* EXERCISE: Identify and copy all lines of the material where the string "Ltac" is found.

* RECORDS TO PROCESS:
(* Let $k\ge 2$, $G=\Theta(2,2,2k)$, $m\ge 4$, and let $L$ be an $m$-assignment for $G$. If $wz\in E(G)$ is an edge for which there exist $x\in L(w)-L(z)$ and $y\in L(z)-L(w)$, then there are at least $(m-1)^{2k-1}(m-2)^2$ proper $L$-colorings of $G$ that color $w$ with $x$ and $z$ with $y$.
   Context: $\Theta(l_1,l_2,l_3)$ denotes two end vertices joined by three internally disjoint paths of lengths $l_1,l_2,l_3$. An $m$-assignment $L$ assigns to each vertex a set of $m$ colors; a proper $L$-coloring is a proper coloring $f$ with $f(v)\in L(v)$ for each vertex $v$. *)

From mathcomp Require Import all_boot.
Set Implicit Arguments. Unset Strict Implicit. Unset Printing Implicit Defensive.

(* Concrete labelling of Theta(2,2,2k) on vertices 0 .. 2k+2:
   0 and 1 are the two end vertices;
   2 is the internal vertex of the first path of length 2 (0-2-1);
   3 is the internal vertex of the second path of length 2 (0-3-1);
   4, 5, ..., 2k+2 are the 2k-1 internal vertices of the path of length 2k
   (0-4-5-...-(2k+2)-1). *)
Definition theta_nv (k : nat) : nat := (2 * k + 3)%N.

Definition theta_dir_edge (k i j : nat) : bool :=
  [|| (i == 0) && (j == 2), (i == 2) && (j == 1),
      (i == 0) && (j == 3), (i == 3) && (j == 1),
      (i == 0) && (j == 4),
      [&& 4 <= i, j == i.+1 & j <= 2 * k + 2]
    | (i == 2 * k + 2) && (j == 1)].

Definition theta_adj (k : nat) : rel 'I_(theta_nv k) :=
  fun i j => theta_dir_edge k i j || theta_dir_edge k j i.

Arguments theta_adj k : clear implicits.

Definition proper_L_coloring (k : nat) (C : finType)
    (L : 'I_(theta_nv k) -> {set C}) (f : {ffun 'I_(theta_nv k) -> C}) : bool :=
  [forall v, f v \in L v] &&
  [forall u, forall v, theta_adj k u v ==> (f u != f v)].

From mathcomp Require Import all_boot zify.
Set Implicit Arguments. Unset Strict Implicit. Unset Printing Implicit Defensive.

(* Colour the vertices one at a time, starting from the precoloured edge wz, in an
   order in which every vertex has at most one earlier neighbour, except for two
   vertices with at most two.  A vertex with d earlier neighbours has at least m - d
   colours of its list left whatever the earlier choices, so there are at least
   (m-1)^(2k-1) (m-2)^2 colourings; the start w -> x, z -> y is proper as x <> y.
   If wz lies on the path of length 2k, walk along that path away from wz in both
   directions, then take the two middle vertices 2 and 3, each seeing both end
   vertices.  If wz lies on a path of length 2, take the other end vertex, then the
   other middle vertex, then walk the long path from 0 to 1: only its last internal
   vertex sees two coloured neighbours. *)

Lemma card_dep_pairs (T1 T2 : finType) (A : {set T1}) (B : T1 -> {set T2}) :
  #|[set p : T1 * T2 | (p.1 \in A) && (p.2 \in B p.1)]| = \sum_(a in A) #|B a|.
Proof.
rewrite -sum1_card.
transitivity (\sum_(a in A) \sum_(b in B a) 1); last by apply: eq_bigr => a _; rewrite sum1_card.
by rewrite pair_big_dep /=; apply: eq_bigl => p; rewrite inE.
Qed.

Lemma prod_subn_ge (V : finType) (A : {set V}) (d : V -> nat) (a b : V) (m : nat) :
  a \in A -> b \in A -> a != b -> d a <= 2 -> d b <= 2 ->
  {in A, forall v, v != a -> v != b -> d v <= 1} ->
  (m - 1) ^ (#|A| - 2) * (m - 2) ^ 2 <= \prod_(v in A) (m - d v).
Proof.
move=> aA bA ab da db dv.
rewrite (bigD1 a) // (bigD1 b) /=; last by rewrite bA eq_sym.
set B := [pred v | (v \in A) && (v != a) && (v != b)].
have card_B : #|B| = #|A| - 2.
  rewrite (cardD1 a A) (cardD1 b [predD1 A & a]) aA !inE eq_sym ab bA /= addnA addKn.
  by apply: eq_card => v; rewrite !inE andbC (andbC (v != a)).
have prod_B : (m - 1) ^ (#|A| - 2) <= \prod_(v | (v \in A) && (v != a) && (v != b)) (m - d v).
  rewrite -card_B -prod_nat_const; apply: leq_prod => v /andP[/andP[vA va] vb].
  by rewrite leq_sub2l // dv.
rewrite mulnA mulnC expnS expn1; apply: leq_mul prod_B.
exact: leq_mul (leq_sub2l _ _) (leq_sub2l _ _).
Qed.

Section GreedyColoring.

Variables (V C : finType) (adj : rel V) (L : V -> {set C}) (m : nat).
Hypotheses (adj_sym : symmetric adj) (adj_irr : irreflexive adj).
Hypothesis card_L : forall v, #|L v| = m.

Definition backdeg (r : V -> nat) (v : V) : nat := #|[set u | (r u < r v) && adj v u]|.

Definition greedy_order (S : {set V}) (r : V -> nat) (a b : V) : Prop :=
  [/\ forall v, (r v == 0) = (v \in S),
      {in [pred v | 0 < r v] &, injective r},
      [/\ a != b, 0 < r a & 0 < r b],
      backdeg r a <= 2 /\ backdeg r b <= 2
    & forall v, 0 < r v -> v != a -> v != b -> backdeg r v <= 1].

Variables (w z : V) (x y : C).

(* Vertices outside [S] carry the dummy colour [x], so each colouring of [S] is counted once. *)
Definition colorings_on (S : {set V}) : {set {ffun V -> C}} :=
  [set f : {ffun V -> C} | [&& [forall v in S, f v \in L v],
                               [forall u in S, forall v in S, adj u v ==> (f u != f v)],
                               [forall v in ~: S, f v == x], f w == x & f z == y]].

Lemma card_colorings_on_setU1 (S : {set V}) (v : V) (d : nat) :
  w \in S -> z \in S -> v \notin S -> #|[set u in S | adj v u]| <= d ->
  #|colorings_on S| * (m - d) <= #|colorings_on (v |: S)|.
Proof.
move=> wS zS vS deg_v.
pose free (f : {ffun V -> C}) := L v :\: [set f u | u in [set u in S | adj v u]].
pose D := [set p : {ffun V -> C} * C | (p.1 \in colorings_on S) && (p.2 \in free p.1)].
pose ext (p : {ffun V -> C} * C) := [ffun u => if u == v then p.2 else p.1 u].
have card_D : #|colorings_on S| * (m - d) <= #|D|.
  rewrite card_dep_pairs -sum_nat_const; apply: leq_sum => f _.
  rewrite cardsD card_L leq_sub2l //; apply: leq_trans deg_v.
  exact: leq_trans (subset_leq_card (subsetIr _ _)) (leq_imset_card _ _).
have ext_inj : {in D &, injective ext}.
  move=> [f c] [g c'] /[!inE] /andP[/= + _] /andP[/= + _] /ffunP ext_fg.
  move=> /and5P[_ _ /forall_inP f_out _ _] /and5P[_ _ /forall_inP g_out _ _].
  have vSC : v \in ~: S by rewrite inE.
  have := ext_fg v; rewrite !ffunE eqxx /= => ->; congr pair.
  apply/ffunP => u; have := ext_fg u; rewrite !ffunE.
  by case: eqP => [-> _|//]; rewrite (eqP (f_out v vSC)) (eqP (g_out v vSC)).
have ext_D : ext @: D \subset colorings_on (v |: S).
  apply/subsetP => _ /imsetP[[f c] /[!inE] /andP[/= f_col c_free] ->].
  move: f_col c_free => /and5P[/forall_inP f_L /forall_inP f_prop /forall_inP f_out fw fz].
  move=> /andP[c_nbr c_L].
  have [wv zv] : w != v /\ z != v by split; apply: contraNneq vS => <-.
  rewrite /ext !ffunE /= (negbTE wv) (negbTE zv) fw fz !andbT; apply/and3P; split.
  - apply/forall_inP => u; rewrite ffunE in_setU1; case: eqP => [-> //|_] /=; exact: f_L.
  - apply/forall_inP => u u_in; apply/forall_inP => u' u'_in; rewrite !ffunE.
    move: u_in u'_in; rewrite !in_setU1.
    case: (eqVneq u v) => [->|uv]; case: (eqVneq u' v) => [->|u'v] /=.
    + by rewrite adj_irr.
    + move=> _ u'S; apply/implyP => vu'; apply: contra c_nbr => /eqP ->.
      by apply/imsetP; exists u' => //; rewrite inE u'S.
    + move=> uS _; apply/implyP => uv'; rewrite eq_sym; apply: contra c_nbr => /eqP ->.
      by apply/imsetP; exists u => //; rewrite inE uS adj_sym.
    + by move=> uS u'S; apply: (forall_inP (f_prop u uS)).
  - apply/forall_inP => u; rewrite !inE negb_or ffunE => /andP[/negbTE -> uS].
    by apply: f_out; rewrite inE.
apply: leq_trans card_D _.
by rewrite -(card_in_imset ext_inj); apply: subset_leq_card.
Qed.

Lemma colorings_on_pair_gt0 :
  w != z -> x \in L w -> y \in L z -> x != y -> 0 < #|colorings_on [set w; z]|.
Proof.
move=> wz xL yL xy; apply/card_gt0P.
exists [ffun u => if u == z then y else x]; rewrite inE !ffunE eqxx (negbTE wz) /=.
rewrite !eqxx !andbT; apply/and3P; split.
- by apply/forall_inP => u /set2P[] ->; rewrite ffunE ?eqxx ?(negbTE wz).
- apply/forall_inP => u /set2P[] ->; apply/forall_inP => u' /set2P[] ->;
    by rewrite !ffunE ?adj_irr // eqxx (negbTE wz) ?xy ?implybT // eq_sym xy implybT.
- by apply/forall_inP => u; rewrite !inE negb_or ffunE => /andP[_ /negbTE ->].
Qed.

Lemma colorings_on_setT :
  colorings_on [set: V] =
  [set f : {ffun V -> C} | [&& [forall v, f v \in L v],
                               [forall u, forall v, adj u v ==> (f u != f v)],
                               f w == x & f z == y]].
Proof.
apply/setP => f; rewrite !inE.
have -> : [forall v in ~: [set: V], f v == x] by apply/forall_inP => v; rewrite !inE.
congr [&& _, _ & _]; first by apply: eq_forallb => v; rewrite in_setT.
by apply: eq_forallb => u; rewrite in_setT; apply: eq_forallb => v; rewrite in_setT.
Qed.

Lemma card_colorings_greedy (r : V -> nat) :
  {in [pred v | 0 < r v] &, injective r} -> r w = 0 -> r z = 0 ->
  #|colorings_on [set v | r v == 0]| * \prod_(v | 0 < r v) (m - backdeg r v) <=
  #|colorings_on [set: V]|.
Proof.
move=> r_inj rw rz.
suff grow t : #|colorings_on [set v | r v == 0]| * \prod_(v | 0 < r v <= t) (m - backdeg r v)
              <= #|colorings_on [set v | r v <= t]|.
  have r_le v : r v <= \max_u r u by apply: leq_bigmax.
  have := grow (\max_u r u).
  rewrite (eq_bigl [pred v | 0 < r v]) => [|v]; last by rewrite /= r_le andbT.
  by congr (_ <= #|colorings_on _|); apply/setP => v; rewrite !inE r_le.
elim: t => [|t IH].
  rewrite big_pred0 => [|v]; last by rewrite ltnNge andNb.
  by rewrite muln1; apply/eq_leq; congr #|colorings_on _|; apply/setP => v; rewrite !inE leqn0.
have [v /eqP rv|no_t1] := pickP [pred v | r v == t.+1]; last first.
  have le_S u : (r u <= t.+1) = (r u <= t) by rewrite leq_eqVlt ltnS; move: (no_t1 u) => /= ->.
  rewrite (eq_bigl [pred u | 0 < r u <= t]) => [|u]; last by rewrite /= le_S.
  by congr (_ <= #|colorings_on _|): IH; apply/setP => u; rewrite !inE le_S.
have rS u : (r u == t.+1) = (u == v).
  by apply/eqP/eqP => [ru|->//]; apply: r_inj; rewrite ?inE /= ?ru ?rv.
rewrite (bigD1 v) /=; last by rewrite rv /=.
rewrite (eq_bigl [pred u | 0 < r u <= t]) => [|u] /=; last first.
  rewrite [r u <= _]leq_eqVlt ltnS rS.
  by case: (eqVneq u v) => [->|_]; rewrite ?rv ?ltnn ?andbF ?andbT.
have -> : [set u | r u <= t.+1] = v |: [set u | r u <= t].
  by apply/setP => u; rewrite !inE [r u <= _]leq_eqVlt ltnS rS.
rewrite mulnCA; apply: leq_trans (leq_mul (leqnn _) IH) _.
rewrite mulnC; apply: card_colorings_on_setU1; rewrite ?inE ?rw ?rz ?rv ?ltnn //.
by apply/eq_leq/eq_card => u; rewrite !inE rv ltnS.
Qed.

Theorem card_colorings_greedy_order (r : V -> nat) (a b : V) :
  w != z -> x \in L w -> y \in L z -> x != y -> greedy_order [set w; z] r a b ->
  (m - 1) ^ (#|V| - 4) * (m - 2) ^ 2 <= #|colorings_on [set: V]|.
Proof.
move=> wz xL yL xy [r0 r_inj [ab ra rb] [da db] d1].
have [rw rz] : r w = 0 /\ r z = 0 by split; apply/eqP; rewrite r0 !inE eqxx ?orbT.
have -> : #|V| - 4 = #|[set v | 0 < r v]| - 2.
  have /eq_card -> : [set v | 0 < r v] =i ~: [set w; z].
    by move=> v; rewrite !inE -in_set2 -r0 lt0n.
  by rewrite cardsCs setCK cards2 wz -subnDA.
apply: leq_trans (card_colorings_greedy r_inj rw rz).
have -> : [set v | r v == 0] = [set w; z] by apply/setP => v; rewrite inE r0.
rewrite -[X in X <= _]mul1n; apply: leq_mul; first exact: colorings_on_pair_gt0.
rewrite (eq_bigl (fun v => v \in [set v | 0 < r v])) => [|v]; last by rewrite inE.
by apply: (prod_subn_ge (a := a) (b := b)); rewrite ?inE // => v /[!inE]; apply: d1.
Qed.
End GreedyColoring.

Lemma backdeg_le_size n (adj : rel 'I_n) (r : 'I_n -> nat) (v : 'I_n) (s : seq nat) :
  (forall u, r u < r v -> adj v u -> val u \in s) -> backdeg adj r v <= size s.
Proof.
move=> back_s; rewrite /backdeg cardE -(size_map val); apply: uniq_leq_size.
  by rewrite map_inj_uniq ?enum_uniq //; exact: val_inj.
by move=> _ /mapP[u + ->]; rewrite mem_enum inE => /andP[]; exact: back_s.
Qed.

(* Splits innermost conditionals first, so that no introduced condition contains an [if]. *)
Ltac case_ifs := repeat match goal with
  |- context [if ?b then _ else _] =>
    lazymatch b with context [if _ then _ else _] => fail | _ =>
      case: (boolP b) => /= [/eqP ?|?]; try subst end end.

Ltac split_hyps :=
  repeat match goal with
  | H : is_true (_ || _) |- _ => case/orP: H => H
  | H : is_true (_ && _) |- _ => case/andP: H => H ?
  | H : is_true (_ == _) |- _ => move/eqP: H => H; subst
  end.

Ltac theta_lia :=
  intros; unfold theta_nv, theta_dir_edge in *; split_hyps;
  repeat match goal with H : context [if _ then _ else _] |- _ => revert H end;
  case_ifs; intros; split_hyps; lia.

Lemma theta_adj_sym k : symmetric (theta_adj k).
Proof. by move=> u v; rewrite /theta_adj orbC. Qed.

Lemma theta_adj_irr k : irreflexive (theta_adj k).
Proof. by move=> v; rewrite /theta_adj orbb; theta_lia. Qed.

Lemma theta_nbr_mid k v u : 2 <= v <= 3 ->
  theta_dir_edge k v u || theta_dir_edge k u v -> u \in [:: 0; 1].
Proof. rewrite !inE; theta_lia. Qed.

* RESPONSE TO THIS TASK:
Ltac case_ifs := repeat match goal with
Ltac split_hyps :=
Ltac theta_lia :=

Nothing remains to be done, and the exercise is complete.